A slow query is almost never slow for the reason you'd guess from reading the SQL. The plan is the ground truth: it shows the database actually chose a Seq Scan over the 40-million-row table, actually fed 500,000 rows into a Nested Loop that estimated 5, actually sorted on disk because no index could supply the order. This skill pulls the real plan — EXPLAIN ANALYZE with BUFFERS, not bare EXPLAIN — reads it from the most expensive node outward, names the one node that's costing the time and why, and turns that into a specific fix: the index to add (with the right column order), the rewrite that makes the predicate sargable, or the ANALYZE that fixes the estimate. Then it re-runs the plan to prove the bad node is gone instead of declaring victory from theory.
When to use this skill
- One specific query (an endpoint, a report, a dashboard panel) is slow and you need the cause, not a vague "add some indexes."
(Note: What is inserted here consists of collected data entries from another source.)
Lemma cliqueP T : reflect {in T &, forall x y, x != y -> e x y} (clique T).
Proof.
apply: (iffP forall_inP) => [cl x y xT yT | cl x xT].
  by move/forall_inP/(_ y yT)/implyP: (cl x xT).
by apply/forall_inP => y yT; apply/implyP; apply: cl.
Qed.

Lemma cliquePn T : ~~ clique T -> exists u w, [/\ u \in T, w \in T, u != w & ~~ e u w].
Proof.
move=> ncl; apply: NNPP => no_pair; case/cliqueP: ncl => u w uT wT neq_uw.
by apply/negPn/negP => nuw; apply: no_pair; exists u, w.
Qed.

Lemma clique_subset T1 T2 : T1 \subset T2 -> clique T2 -> clique T1.
Proof. by move=> /subsetP sT12 /cliqueP cl; apply/cliqueP => x y /sT12 xT /sT12; apply: cl. Qed.

Lemma induced_sym W : symmetric (induced W).
Proof. by move=> a b; rewrite /induced /= e_sym andbCA. Qed.

Lemma induced_irr W : irreflexive (induced W).
Proof. by move=> a; rewrite /induced /= e_irr !andbF. Qed.

Lemma connect_induced_sub W1 W2 :
  W1 \subset W2 -> subrel (connect (induced W1)) (connect (induced W2)).
Proof.
move=> /subsetP sW12; apply: connect_sub => a b /and3P[aW bW ab].
by apply: connect1; rewrite /induced /= ab !sW12.
Qed.

Lemma induced_path_sub W a p : a \in W -> path (induced W) a p -> {subset a :: p <= W}.
Proof.
elim: p a => [|b p IHp] a aW /=; first by move=> _ z; rewrite mem_seq1 => /eqP->.
case/andP=> /and3P[_ bW _] /(IHp b bW) sub_p z; rewrite inE => /orP[/eqP-> // | ].
exact: sub_p.
Qed.


Lemma chordal_no_hole x0 x q : uniq (x :: q) -> 3 <= size q ->
    (forall k, k < size q -> e x (nth x0 q k) = (k == 0) || (k == (size q).-1)) ->
    (forall i j, i < size q -> j < size q ->
       e (nth x0 q i) (nth x0 q j) = (j == i.+1) || (i == j.+1)) ->
  False.
Proof.
move=> q_uniq q_ge3 x_adj q_induced.
apply: (e_chordal (x0 := x0) q_uniq); first by rewrite /= ltnS.
move=> i j /= lt_i lt_j; apply/Bool.eq_iff_eq_true.
rewrite (eq_succ_modn j lt_i) (eq_succ_modn i lt_j).
case: i j lt_i lt_j => [|i] [|j] /= lt_i lt_j.
- by rewrite e_irr; repeat case: ifP => ?; lia.
- by rewrite x_adj //; repeat case: ifP => ?; lia.
- by rewrite e_sym x_adj //; repeat case: ifP => ?; lia.
- by rewrite q_induced //; repeat case: ifP => ?; lia.
Qed.
(* Let $N\ge1$, let $\Psi_N$ be the $N\times N$ lower triangular matrix $(\Psi_N)_{jk}=\binom{j}{k}$, $0\le j,k<N$, let $\Lambda_N=\mathrm{diag}(1,-1,1,\dots,(-1)^{N-1})$, and let $J_N$ be the $N\times N$ symmetric tridiagonal matrix with $(J_N)_{kk}=k(2k^2+3k+2-N^2)$ and $(J_N)_{k,k+1}=(J_N)_{k+1,k}=(k+1)(N^2-(k+1)^2)$. Set $B_N=-\Lambda_NJ_N\Lambda_N+(N^2-1)I_N$ and $S_N=\Psi_N^\intercal\Psi_N$, i.e. $(S_N)_{jk}=\sum_{i=0}^{N-1}\binom{i}{j}\binom{i}{k}$. Then $B_NS_N=S_NB_N$.
   Context: Matrix indices start at $0$; $I_N$ is the $N\times N$ identity matrix. *)

From mathcomp Require Import all_boot all_order all_algebra.
Set Implicit Arguments. Unset Strict Implicit. Unset Printing Implicit Defensive.
Import GRing.Theory Num.Theory.
Local Open Scope ring_scope.

Definition PsiN (N : nat) : 'M[int]_N := \matrix_(j < N, k < N) ('C(j, k))%:Z.

Definition LambdaN (N : nat) : 'M[int]_N :=
  \matrix_(j < N, k < N) (if j == k then (-1) ^+ j else 0).

Definition JN (N : nat) : 'M[int]_N :=
  \matrix_(j < N, k < N)
    (let n : int := N%:Z in
     let a : int := j%:Z in
     let b : int := k%:Z in
     if (val j == val k) then a * (2 * a ^+ 2 + 3 * a + 2 - n ^+ 2)
     else if (val k == (val j).+1)%N then b * (n ^+ 2 - b ^+ 2)
     else if (val j == (val k).+1)%N then a * (n ^+ 2 - a ^+ 2)
     else 0).

Definition BN (N : nat) : 'M[int]_N :=
  - (LambdaN N *m JN N *m LambdaN N) + ((N%:Z) ^+ 2 - 1)%:M.

Definition SN (N : nat) : 'M[int]_N := (PsiN N)^T *m PsiN N.

From mathcomp Require Import all_boot all_order all_algebra.
From mathcomp Require Import ring zify.

(* Both B_N and J_N are symmetric tridiagonal, and Psi_N intertwines them:
   Psi_N B_N = J_N Psi_N.  Entrywise this is a polynomial identity in the three
   neighbouring binomials of row i and those of rows i-1, i+1, which follows
   from the Pascal-type recurrences C(i,l+1)(l+1) = C(i,l)(i-l) and
   i C(i-1,l) = (i-l) C(i,l).  Then, by symmetry of B_N and J_N,
   B S = (Psi B)^T Psi = (J Psi)^T Psi = Psi^T J Psi = Psi^T Psi B = S B. *)

Set Implicit Arguments.
Unset Strict Implicit.
Unset Printing Implicit Defensive.
Import GRing.Theory.
Local Open Scope ring_scope.

Lemma trmx_mul_self_commute (R : comPzRingType) (m n : nat)
    (P : 'M[R]_(m, n)) (B : 'M_n) (J : 'M_m) :
  B^T = B -> J^T = J -> P *m B = J *m P ->
  B *m (P^T *m P) = (P^T *m P) *m B.
Proof.
move=> symB symJ PB; rewrite mulmxA -{1}symB -trmx_mul PB trmx_mul symJ.
by rewrite -!mulmxA PB.
Qed.

Section SymmetricTridiagonal.

Variables (R : comPzRingType) (N : nat).

Definition symtri (d w : nat -> R) : 'M[R]_N :=
  \matrix_(j < N, k < N)
    (if (j : nat) == k then d j
     else if (k : nat) == j.+1 then w k
     else if (j : nat) == k.+1 then w j
     else 0).

Lemma symtri_sym d w : (symtri d w)^T = symtri d w.
Proof.
apply/matrixP => -[j hj] [k hk]; rewrite !mxE /=.
case: (eqVneq j k) => [-> //|ne].
by do 2 case: eqP => //; lia.
Qed.

Lemma symtri_entry d w (j k : 'I_N) :
  symtri d w j k = (if (j : nat) == k then d k else 0)
    + (if (j : nat).+1 == k then w k else 0)
    + (if (j : nat) == k.+1 then w j else 0).
Proof.
case: j k => j hj [k hk]; rewrite mxE /=.
case: (eqVneq j k) => [->|ne]; first by rewrite !ifN ?addr0 //; lia.
rewrite add0r eq_sym; case: (eqVneq k j.+1) => [->|_]; last by rewrite add0r.
by rewrite ifN ?addr0 //; lia.
Qed.

Variables (d w : nat -> R).
(* These make the boundary terms of the product formulas vanish. *)
Hypotheses (w0 : w 0%N = 0) (wN : w N = 0).

Lemma mul_mx_symtri (f : nat -> nat -> R) (i l : 'I_N) :
  ((\matrix_(i < N, j < N) f i j) *m symtri d w) i l =
  f i l * d l + f i l.-1 * w l + f i l.+1 * w l.+1.
Proof.
rewrite mxE; under eq_bigr => j _ do
  rewrite mxE symtri_entry !mulrDr !(fun_if ( *%R _)) !mulr0.
rewrite !big_split -!big_mkcond /=.
rewrite (big_ord1_eq _ (fun j => f i j * d l)) ltn_ord.
rewrite (big_ord1_eq _ (fun j => f i j * w j)).
congr (_ + _ + _).
- case: l => -[|l] /= hl; first by rewrite w0 !mulr0 big1.
  under eq_bigl => j do rewrite eqSS.
  by rewrite (big_ord1_eq _ (fun j => f i j * w l.+1)) (ltnW hl).
- case: ltnP => // hl.
  by rewrite (_ : l.+1 = N) ?wN ?mulr0 //; apply/eqP; rewrite eqn_leq hl ltn_ord.
Qed.

Lemma symtri_mul_mx (f : nat -> nat -> R) (i l : 'I_N) :
  (symtri d w *m \matrix_(i < N, j < N) f i j) i l =
  d i * f i l + w i * f i.-1 l + w i.+1 * f i.+1 l.
Proof.
have trA : (\matrix_(i < N, j < N) f i j)^T = \matrix_(i < N, j < N) f j i.
  by apply/matrixP => ? ?; rewrite !mxE.
rewrite -(trmxK (symtri d w *m _)) [LHS]mxE trmx_mul trA symtri_sym.
rewrite (mul_mx_symtri (fun i j => f j i)).
by rewrite [_ * d _]mulrC [_ * w i]mulrC [_ * w i.+1]mulrC.
Qed.

End SymmetricTridiagonal.

Arguments symtri {R} N d w.

Definition JN_diag (N k : nat) : int :=
  k%:Z * (2 * k%:Z ^+ 2 + 3 * k%:Z + 2 - N%:Z ^+ 2).

Definition JN_off (N k : nat) : int := k%:Z * (N%:Z ^+ 2 - k%:Z ^+ 2).

Lemma JN_off0 N : JN_off N 0 = 0.
Proof. exact: mul0r. Qed.

Lemma JN_offN N : JN_off N N = 0.
Proof. by rewrite /JN_off subrr mulr0. Qed.

Lemma JN_symtri N : JN N = symtri N (JN_diag N) (JN_off N).
Proof. by apply/matrixP => j k; rewrite !mxE. Qed.

Lemma LambdaN_diag N : LambdaN N = diag_mx (\row_(j < N) (-1) ^+ j).
Proof. by apply/matrixP => j k; rewrite !mxE; case: eqP => [->|]. Qed.

Lemma sign_conj_symtri N (d w : nat -> int) :
  LambdaN N *m symtri N d w *m LambdaN N = symtri N d (fun k => - w k).
Proof.
rewrite LambdaN_diag mul_diag_mx mul_mx_diag; apply/matrixP => -[j hj] [k hk].
rewrite !mxE /= mulrAC -exprD -signr_odd oddD.
case: (eqVneq j k) => [->|_]; first by rewrite addbb mul1r.
by case: eqP => [->|_]; [|case: eqP => [->|_]]; rewrite ?mulr0 //= ?addbN ?addNb addbb mulN1r.
Qed.

Lemma BN_symtri N :
  BN N = symtri N (fun k => N%:Z ^+ 2 - 1 - JN_diag N k) (JN_off N).
Proof.
rewrite /BN JN_symtri sign_conj_symtri; apply/matrixP => j k; rewrite !mxE.
case: (eqVneq j k) => [->|ne]; first by rewrite !eqxx mulr1n addrC.
have ne' : (j : nat) != k := ne.
rewrite (negbTE ne') mulr0n addr0.
by case: ifP => _; [|case: ifP => _]; rewrite ?opprK ?oppr0.
Qed.

Lemma tridiag_binomial_identity (R : comPzRingType) (n i l a b c d e : R) :
  (1 + l) * b = (i - l) * c -> i * d = (i - l) * c ->
  l * c = (1 + i - l) * (e - c) -> l * a = l * (e - c) ->
  c * (n ^+ 2 - 1 - l * (2 * l ^+ 2 + 3 * l + 2 - n ^+ 2))
    + a * (l * (n ^+ 2 - l ^+ 2)) + b * ((1 + l) * (n ^+ 2 - (1 + l) ^+ 2))
  = i * (2 * i ^+ 2 + 3 * i + 2 - n ^+ 2) * c + i * (n ^+ 2 - i ^+ 2) * d
    + (1 + i) * (n ^+ 2 - (1 + i) ^+ 2) * e.
Proof.
move=> succ_b down_d succ_c pred_a; apply/eqP; rewrite -subr_eq0; apply/eqP.
transitivity ((n ^+ 2 - l ^+ 2) * (l * a - l * (e - c))
  + (n ^+ 2 - l ^+ 2 - l * (1 + i) - (1 + i) ^+ 2) * (l * c - (1 + i - l) * (e - c))
  + (n ^+ 2 - (1 + l) ^+ 2) * ((1 + l) * b - (i - l) * c)
  - (n ^+ 2 - i ^+ 2) * (i * d - (i - l) * c)); first by ring.
by rewrite succ_b down_d succ_c pred_a !subrr !mulr0 !addr0 subrr.
Qed.

Lemma mul_bin_left_int (i l : nat) :
  (1 + l%:Z) * 'C(i, l.+1)%:Z = (i%:Z - l%:Z) * 'C(i, l)%:Z.
Proof.
have := mul_bin_left i l; case: (leqP l i) => [li|il] eq_nat; first by nia.
by rewrite !bin_small ?mulr0 //; lia.
Qed.

Lemma mul_bin_down_int (i l : nat) :
  i%:Z * 'C(i.-1, l)%:Z = (i%:Z - l%:Z) * 'C(i, l)%:Z.
Proof.
have := mul_bin_down i l; case: (leqP l i) => [li|il] eq_nat; first by nia.
by rewrite !bin_small ?mulr0 //; lia.
Qed.

Lemma binS_sub_int (i l : nat) : 'C(i.+1, l.+1)%:Z - 'C(i, l.+1)%:Z = 'C(i, l)%:Z.
Proof. by rewrite binS PoszD addrC addKr. Qed.

(* The factor [l] absorbs the junk value [l.-1 = 0] at [l = 0]. *)
Lemma mul_bin_pred_int (i l : nat) :
  l%:Z * 'C(i, l.-1)%:Z = l%:Z * ('C(i.+1, l)%:Z - 'C(i, l)%:Z).
Proof. by case: l => [|l]; rewrite ?mul0r // binS_sub_int. Qed.

Lemma mul_bin_up_int (i l : nat) :
  l%:Z * 'C(i, l)%:Z = (1 + i%:Z - l%:Z) * ('C(i.+1, l)%:Z - 'C(i, l)%:Z).
Proof.
case: l => [|l]; first by rewrite !bin0 subrr !mulr0 mul0r.
by rewrite binS_sub_int intS mul_bin_left_int opprD addrACA subrr add0r.
Qed.

Lemma PsiN_mul_BN N : PsiN N *m BN N = JN N *m PsiN N.
Proof.
apply/matrixP => i l.
pose binz (j k : nat) := 'C(j, k)%:Z.
rewrite BN_symtri JN_symtri /PsiN (mul_mx_symtri _ (JN_off0 N) (JN_offN N) binz).
rewrite (symtri_mul_mx _ (JN_off0 N) (JN_offN N) binz).
rewrite /JN_diag /JN_off !intS; apply: tridiag_binomial_identity.
- exact: mul_bin_left_int.
- exact: mul_bin_down_int.
- exact: mul_bin_up_int.
- exact: mul_bin_pred_int.
Qed.

Theorem mainTheorem7 (N : nat) (hN : (1 <= N)%N) :
  BN N *m SN N = SN N *m BN N.
Proof.
apply: trmx_mul_self_commute (PsiN_mul_BN N).
- by rewrite BN_symtri symtri_sym.
- by rewrite JN_symtri symtri_sym.
Qed.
- A query that was fast got slow after a data-volume change, a deploy, or a schema/index change.
- The planner is doing something surprising — a Seq Scan despite an index existing, or ignoring the index you just added.
- p99 latency on one query is high while the table and load look unremarkable, and you suspect the plan rather than the hardware.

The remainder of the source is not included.